Ms. Pelham: Oh yes! I had wonderful mentors. One was a physician who taught me well about how to work as a team member with physicians and nurses. He gave me a lot of responsibility so I could try new things, then he gave me constructive feedback in private. He gave me enough room to make mistakes because that is one of the ways people learn. Another mentor was the Daughter of Charity Sister who hired me at Seton and who later named me to be her successor. She had an incredible charisma and an ability to get people to go far beyond what they thought they could accomplish. She also had an amazing ability to teach patience and timing, which was very tough for me as a go-getter, young executive who wanted to get it all done yesterday.
I learned that you can only push a project so far and if the timing isn't right, it isn't going to happen.
Dr. Grazier: Your mentors did a lot to prepare you for the challenges of leadership. Do you think the field is adequately preparing your future replacements and is the field providing you and other leaders with the material and guidance to develop these up- andcomers?
Ms. Pelham: Large systems have grown quickly into very sophisticated organizations, but we haven't always been quick with preparing the next generation of leaders well. Graduate programs have not kept up with the contemporary needs in the field, and they need to reexamine their curricula. As leaders, we need to expose potential managers to more sophisticated challenges and decisions because their experience now is not broad enough. There are many bright, capable people in this field.
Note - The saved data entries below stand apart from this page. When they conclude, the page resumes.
Lemma picard_uniformly_cauchy T e : 0 <= T -> 0 < e ->
  exists N, forall n m t, (N <= n <= m)%nat -> Rabs t <= T ->
    norm (minus (picard m t) (picard n t)) <= e.
Proof.
  intros HT He. pose proof bound_nonneg as HM.
  destruct (exist_exp (L * T)) as [l Hl].
  set (e' := e * L / (M + 1)).
  assert (He' : 0 < e') by (unfold e'; apply Rdiv_lt_0_compat; nra).
  destruct (CV_Cauchy _ (exist _ l Hl) e' He') as [N HN].
  exists N. intros n m t [Hn Hnm] Ht.
  replace m with (n + (m - n))%nat by lia.
  eapply Rle_trans. apply picard_diff_le_exp_tail, Ht.
  specialize (HN (n + (m - n))%nat n ltac:(lia) ltac:(lia)).
  unfold R_dist in HN. apply Rabs_def2 in HN.
  apply Rle_trans with (M / L * e').
  - apply Rmult_le_compat_l; [apply Rdiv_le_0_compat |]; lra.
  - unfold e'. replace (M / L * (e * L / (M + 1))) with (e * (M / (M + 1)))
      by (field; lra).
    assert (M / (M + 1) <= 1)
      by (apply Rmult_le_reg_r with (M + 1); [lra|]; unfold Rdiv;
          rewrite Rmult_assoc, Rinv_l; lra).
    nra.
Qed.

Definition picard_limit (t : R) : V := lim (filtermap (fun n => picard n t) eventually).

Lemma picard_cvg t : filterlim (fun n => picard n t) eventually (locally (picard_limit t)).
Proof.
  apply filterlim_locally. intros eps.
  apply (complete_cauchy (filtermap (fun n => picard n t) eventually)).
  - apply filtermap_proper_filter, eventually_filter.
  - intros e. destruct (picard_uniformly_cauchy (Rabs t) (e / 2) (Rabs_pos t))
      as [N HN]; [apply is_pos_div_2 |].
    exists (picard N t). exists N. intros n Hn.
    assert (Hd : norm (minus (picard n t) (picard N t)) < e).
    { eapply Rle_lt_trans. apply (HN N n t); [lia | lra].
      apply Rlt_eps2_eps, cond_pos. }
    exact (norm_compat1 _ _ _ Hd).
Qed.

Lemma picard_limit_approx T e : 0 <= T -> 0 < e ->
  exists N, forall n t, (N <= n)%nat -> Rabs t <= T ->
    norm (minus (picard_limit t) (picard n t)) <= e.
Proof.
  intros HT He. destruct (picard_uniformly_cauchy T e HT He) as [N HN].
  exists N. intros n t Hn Ht.
  apply (norm_minus_le_of_cvg _ _ _ _ (picard_cvg t)).
  exists n. intros m Hm. apply HN; [lia | exact Ht].
Qed.

Lemma picard_limit_lipschitz t t' :
  norm (minus (picard_limit t) (picard_limit t')) <= M * Rabs (t - t').
Proof.
  apply le_epsilon. intros d Hd.
  destruct (picard_limit_approx (Rmax (Rabs t) (Rabs t')) (d / 2)) as [N HN];
    [apply (Rle_trans _ _ _ (Rabs_pos t)), Rmax_l | lra |].
  pose proof (HN N t (Nat.le_refl N) (Rmax_l _ _)) as Ht.
  pose proof (HN N t' (Nat.le_refl N) (Rmax_r _ _)) as Ht'.
  rewrite norm_minus_sym in Ht'.
  pose proof (picard_lipschitz N t t').
  pose proof (norm_minus_triangle (picard_limit t) (picard N t) (picard_limit t')).
  pose proof (norm_minus_triangle (picard N t) (picard N t') (picard_limit t')).
  lra.
Qed.
Theorem mainTheorem3 (R : realType) (nu N : nat) (I : finType)
  (eps : R) (H Hp : I -> 'M[R]_(N * nu)) (c : I -> 'cV[R]_(N * nu))
  (h w : I -> R) :
  (0 < nu)%N -> (0 < N)%N -> 0 < eps ->
  (forall k, H k != 0) ->
  (forall k, is_sym_psd (H k)) ->
  (forall k, is_MP_pinv (H k) (Hp k)) ->
  (forall k, exists d, c k = H k *m d) ->
  (forall k, 0 <= w k) ->
  (forall k, qfun (H k) (Hp k) (c k) 0 <= 2^-1) ->
  (forall k, exists z, qfun (H k) (Hp k) (c k) z = 2^-1 /\
     forall z', qfun (H k) (Hp k) (c k) z' = 2^-1 -> dotv z z <= dotv z' z')
  /\
  forall zs : I -> 'cV[R]_(N * nu),
    (forall k, qfun (H k) (Hp k) (c k) (zs k) = 2^-1 /\
       forall z', qfun (H k) (Hp k) (c k) z' = 2^-1 ->
         dotv (zs k) (zs k) <= dotv z' z') ->
    (forall k u, norm2 u <= norm2 (zs k) ->
       qfun (H k) (Hp k) (c k) u <= 2^-1)
    /\
    ((forall k, Num.sqrt (eps * N%:R) <= norm2 (zs k)) ->
       (forall k u, Uset eps u -> qfun (H k) (Hp k) (c k) u <= 2^-1)
       /\ concave_on (Uset eps) (Ffun w h H c)).
Proof.
move=> _ _ eps_gt0 H_neq0 H_psd H_pinv c_range w_ge0 q0_le; split.
  move=> k; have [z0 qz0] :=
    qfun_level_exists (H k) (Hp k) (c k) (H_neq0 k) (H_psd k) (q0_le k).
  exact: exists_min_dotv_level (continuous_qfun_trmx _ _ _) qz0.
move=> zs zs_min.
have ball_sub k u : norm2 u <= norm2 (zs k) -> qfun (H k) (Hp k) (c k) u <= 2^-1.
  exact: qfun_le_half_in_min_ball (H k) (Hp k) (c k) (zs k) u (q0_le k) (zs_min k).2.
split=> // zs_large.
have U_sub k u : Uset eps u -> qfun (H k) (Hp k) (c k) u <= 2^-1.
  move=> u_in; apply: ball_sub; apply: le_trans (zs_large k).
  rewrite /norm2 ler_sqrt; first exact: Uset_dotvv_le.
  by rewrite mulr_ge0 // ltW.
split=> //; apply: concave_on_sum => // k.
apply: concave_onS (U_sub k) _.
have [HHpH _ _ _] := H_pinv k.
exact: expR_qfun_concave (H_psd k) HHpH (c_range k).
Qed.
Lemma bad_size s : bad s -> fully 3 s -> 3 < size s.
Proof.
move=> [a [b [c [t [abc [Bt ->]]]]]] F.
have sub : {subset [:: 0; 1; 2] <= map (relabel a b c) t}.
  by move=> x; rewrite F !inE => /or3P[]/eqP->.
have := uniq_leq_size (isT : uniq [:: 0; 1; 2]) sub; rewrite leq_eqVlt => /orP[/eqP e|//].
have /map_uniq U := leq_size_uniq (isT : uniq [:: 0; 1; 2]) sub (eq_leq (esym e)).
by have := canon_bad_size3 Bt; rewrite -(size_map (relabel a b c)) -e U => /(_ erefl).
Qed.

(** * Shrinking flips preserve badness *)

Lemma bad_I1 m : 2 <= m -> bad (0 :: rep [:: 1; 2] m).
Proof. by move=> hm; apply: canon_bad_bad; left; left; exists m. Qed.

Lemma bad_I2 m : 1 <= m -> bad ([:: 0; 2] ++ rep [:: 1; 2] m).
Proof. by move=> hm; apply: canon_bad_bad; left; right; exists m. Qed.

Lemma bad_II1 u : u != [::] -> all (fun x => x < 2) u -> bad (pad2 u).
Proof. by move=> u0 u2; apply: canon_bad_bad; right; left; left; exists u. Qed.

Lemma bad_II2 u : u != [::] -> all (fun x => x < 2) u -> bad (2 :: pad2 u).
Proof. by move=> u0 u2; apply: canon_bad_bad; right; left; right; exists u; rewrite pad2_shift. Qed.

Lemma bad_III m p : 1 <= m -> bad (0 :: rep [:: 2; 1] m ++ [:: 0; 2] ++ rep [:: 1; 2] p).
Proof. by move=> hm; apply: canon_bad_bad; right; right; left; exists m, p. Qed.

Lemma bad_IV t : badIV t -> bad t.
Proof. by move=> h; apply: canon_bad_bad; right; right; right. Qed.

Lemma bad_swap01 t : all (fun x => x < 3) t -> bad (map (relabel 1 0 2) t) -> bad t.
Proof.
move=> t3 /(bad_relabel (a := 1) (b := 0) (c := 2) isT); rewrite -map_comp.
suff -> : map (relabel 1 0 2 \o relabel 1 0 2) t = t by [].
by elim: t t3 => [|x t IH] //= /andP[hx /IH ->]; case: x hx => [|[|[|x]]].
Qed.

(* Exhaustive check of the 60 flips of the eight type IV words. *)
Lemma badIV_flip_shrink t i : badIV t -> 1 <= i <= size t ->
  size (flip i t) < size t -> bad (flip i t).
Proof.
rewrite /badIV !inE => H.
repeat case/orP: H => [/eqP -> | H]; last move/eqP: H => ->;
case: i => [|[|[|[|[|[|[|[|[|[|i]]]]]]]]]] // _; rewrite /flip /= => // _.
- exact: (@bad_I1 2).
- by apply: bad_swap01 => //; apply: (@bad_III 1 0).
- by apply: bad_swap01 => //; apply: (@bad_III 1 0).
- exact: bad_IV.
- exact: (@bad_I2 2).
- exact: bad_IV.
- exact: bad_IV.
- exact: (@bad_III 1 1).
- exact: bad_IV.
- by apply: bad_swap01 => //; apply: (@bad_III 1 1).
- exact: bad_IV.
- exact: (@bad_II1 [:: 1; 0; 0; 1]).
- exact: (@bad_II1 [:: 0; 1; 0; 1]).
- exact: bad_IV.
Qed.

Lemma badI_head_norepeat t a w r : badI t -> t <> a :: w ++ a :: r.
Proof.
case=> [[m [_ ->]]|[m [_ ->]]] [a0 Er].
  have : a \in rep [:: 1; 2] m by rewrite Er mem_cat mem_head orbT.
  by move/mem_rep; rewrite -a0.
have : a \in 2 :: rep [:: 1; 2] m by rewrite Er mem_cat mem_head orbT.
by rewrite inE => /orP[|/mem_rep]; rewrite -a0.
Qed.

Lemma badII_flip_repeat t a w r : badII t -> t = a :: w ++ a :: r ->
  bad (rev w ++ a :: r).
Proof.
case=> [[u [u0 [u2 ->]]]|[u [u0 [u2 ->]]]]; rewrite -/(pad2 u) ?pad2_shift.
- case: u u0 u2 => [|x u] // _ /andP[x2 u2]; rewrite pad2_cons => -[<-].
  have x2' : x != 2 by apply/eqP => e; rewrite e in x2.
  case: w => [|y w] [e]; first by rewrite e eqxx in x2'.
  move=> /(pad2_split_sym x2') [u1 [u2' [Eu -> ->]]].
  rewrite -e rev_cons -cats1 rev_pad2 cat_cons -pad2_cons -pad2_cat.
  apply: bad_II2; first by case: (rev u1).
  by move: (u2 : all (fun x => x < 2) u); rewrite Eu !all_cat all_rev /= x2.
- case=> <- /pad2_split2 [].
    by apply/negP => /(allP u2).
  move=> u1 [u2' [u10 Eu Ew ->]].
  have Ew' : rev w ++ [:: 2] = pad2 (rev u1).
    by have := rev_pad2 u1; rewrite -Ew rev_cat /= => -[].
  rewrite -cat1s catA Ew' -pad2_cat; apply: bad_II1.
    by move: u10; rewrite -!size_eq0 size_cat size_rev; lia.
  by move: u2; rewrite Eu !all_cat all_rev.
Qed.

Lemma badIII_flip_repeat t a w r : badIII t -> t = a :: w ++ a :: r ->
  bad (rev w ++ a :: r).
Proof.
case=> m [p [hm ->]] [<- /esym/cat_cons_notin_inj []].
- by apply/negP => /mem_rep; rewrite !inE.
- by apply/negP => /mem_rep; rewrite !inE.
move=> -> ->; rewrite rev_rep2 !rep2_pad2 -pad2_cons -pad2_cat.
apply: bad_II1; first by rewrite -size_eq0 size_cat /= addnS.
by rewrite all_cat /= !all_nseq !orbT.
Qed.

Lemma canon_bad_flip_shrink t i : canon_bad t -> normalized t -> 1 <= i <= size t ->
  size (flip i t) < size t -> bad (flip i t).
Proof.
move=> Bt Hn Hi shrink.
case: Bt => [BI|[BII|[BIII|BIV]]]; last exact: badIV_flip_shrink.
all: case: (size_flip_cases Hn Hi) => [e|[a [w [r [Et ->]]]]];
  first by rewrite e ltnn in shrink.
all: rewrite Et flip_repeat -?Et //.
- by case: (badI_head_norepeat BI Et).
- exact: badII_flip_repeat BII Et.
- exact: badIII_flip_repeat BIII Et.
Qed.

Lemma bad_flip_shrink s i : normalized s -> bad s -> 1 <= i <= size s ->
  size (flip i s) < size s -> bad (flip i s).
Proof.
move=> Hn [a [b [c [t [abc [Bt Es]]]]]].
have Hnt : normalized t by apply: (@normalized_map_inv (relabel a b c)); rewrite -Es.
rewrite Es flip_relabel // !size_map => Hi shrink.
by apply: bad_relabel => //; apply: canon_bad_flip_shrink.
Qed.

Lemma canon_bad_repeat_or_alt t : canon_bad t -> fully 3 t ->
  (exists x w r, t = x :: w ++ x :: r) \/
  exists x y z L, [/\ rev t = alt x y L ++ [:: z],
    [&& x < 3, y < 3 & z < 3] & [&& x != y, z != x & z != y]].
Proof.
move=> Bt Ft.
case: Bt => [[[m [hm ->]]|[m [hm ->]]]|[[[u [u0 [u2 Et]]]|[u [u0 [_ ->]]]]|[[m [p [hm ->]]]|BIV]]].
- right; exists 2, 1, 0, m.*2.
  by rewrite rev_cons -cats1 rev_rep2 rep2_alt.
- right; exists 2, 1, 0, m.*2.+1.
  by rewrite rev_cat rev_rep2 -rep2_rcons_alt -catA.
- rewrite -/(pad2 u) in Et; case: u u0 u2 Et => [|x u] // _ /andP[x2 u2] Et.
  have {}u2 : all (fun x => x < 2) u := u2.
  case: (boolP (x \in u)) => xu.
    left; case/splitPr: xu Et => u1 u3 ->.
    by exists x, (2 :: pad2 u1), (2 :: pad2 u3); rewrite pad2_cons pad2_cat.
  have Eu : u = nseq (size u) (1 - x).
    apply/all_pred1P/allP => z zu /=; have := allP u2 z zu.
    have : z != x by apply: contraNneq xu => <-.
    lia.
  case Ek: (size u) Eu => [|k] Eu.
    by have := Ft (1 - x); rewrite Et Eu !inE; lia.
  right; exists 2, (1 - x), x, k.+1.*2.+1; split; try (apply/and3P; split; lia).
  rewrite Et pad2_cons Eu -rep2_pad2 -[[:: x, 2 & _]]/([:: x; 2] ++ _) rev_cat rev_rep2.
  by rewrite -[rev _]/([:: 2] ++ [:: x]) catA rep2_rcons_alt.
- left; case: u u0 => [|x u] // _.
  by exists 2, [:: x], (pad2 u); rewrite pad2_shift.
- by left; exists 0, (rep [:: 2; 1] m), (2 :: rep [:: 1; 2] p).
- left; move: BIV; rewrite /badIV !inE.
  repeat case/orP => [/eqP ->|]; last move/eqP => ->.
  + by exists 2, [:: 1; 0], [:: 1; 2].
  + by exists 0, [:: 2; 1], [:: 1; 2].
  + by exists 0, [:: 1; 2], [:: 2; 1; 2].
  + by exists 1, [:: 2; 0], [:: 2; 1; 2].
  + by exists 0, [:: 2; 1], [:: 1; 2; 1; 2].
  + by exists 2, [:: 0], [:: 1; 0; 2; 1; 2].
  + by exists 0, [:: 2], [:: 2; 1; 0; 2; 1; 2].
  + by exists 1, [:: 2; 0], [:: 2; 0; 2; 1; 2].
Qed.

Lemma bad_shrinkable_or_reaches s : normalized s -> bad s /\ fully 3 s ->
  shrinkable s \/ reaches_size 3 (size s - 3).+1 s.
Proof.
move=> Hn [B F]; have Hs := bad_size B F.
case: B => a [b [c [t [abc [Bt Es]]]]]; rewrite {}Es in Hn F Hs *.
have Ft := fully_relabel abc Bt F.
case: (canon_bad_repeat_or_alt Bt Ft) => [[x [w [r Et]]]|[x [y [z [L [Er xyz3 xyz]]]]]].
  by left; move: Hn; rewrite Et map_cons map_cat map_cons; apply: head_repeat_shrinkable.
right; case/and3P: xyz3 => x3 y3 z3; case/and3P: xyz => xy zx zy.
apply: (@rev_alt_reaches_size3 _ (relabel a b c x) (relabel a b c y) (relabel a b c z) L) => //.
- by rewrite -map_rev Er map_cat map_alt.
- exact: relabel_neq.
- exact: relabel_neq.
- exact: relabel_neq.
Qed.

Theorem lemma3p4 (s : seq nat) :
  normalized s -> fully 3 s -> bad s -> grouping_distance 3 s (size s - 2).
Proof.
move=> Hn F B.
have -> : size s - 2 = (size s - 3).+1 by have := bad_size B F; lia.
apply: (@shrink_closed_grouping_distance (fun s => bad s /\ fully 3 s)) => //.
- by move=> t [Bt Ft]; apply: bad_size.
- move=> t i Hnt [Bt Ft] Hi shrink; split; first exact: bad_flip_shrink.
  by move=> x; rewrite mem_flip Ft.
- exact: bad_shrinkable_or_reaches.
Qed.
With some guidance and challenge, they can be trained to take on leadership positions.
Dr. Grazier: Given that view, what advice do you give to new careerists?
Ms. Pelham: First, choose your boss and organization carefully. Choose someone whose values are in concert with yours and someone whom you respect and from whom you can learn. Second, don't trap yourself in a functional niche too quickly. Go back and forth between line and staff and between functional areas because the broader the experience, the more you are grooming yourself for a more-- senior management or executive position. Third, do not stay with the same organization your whole career. Diversity of experience will provide a richer foundation.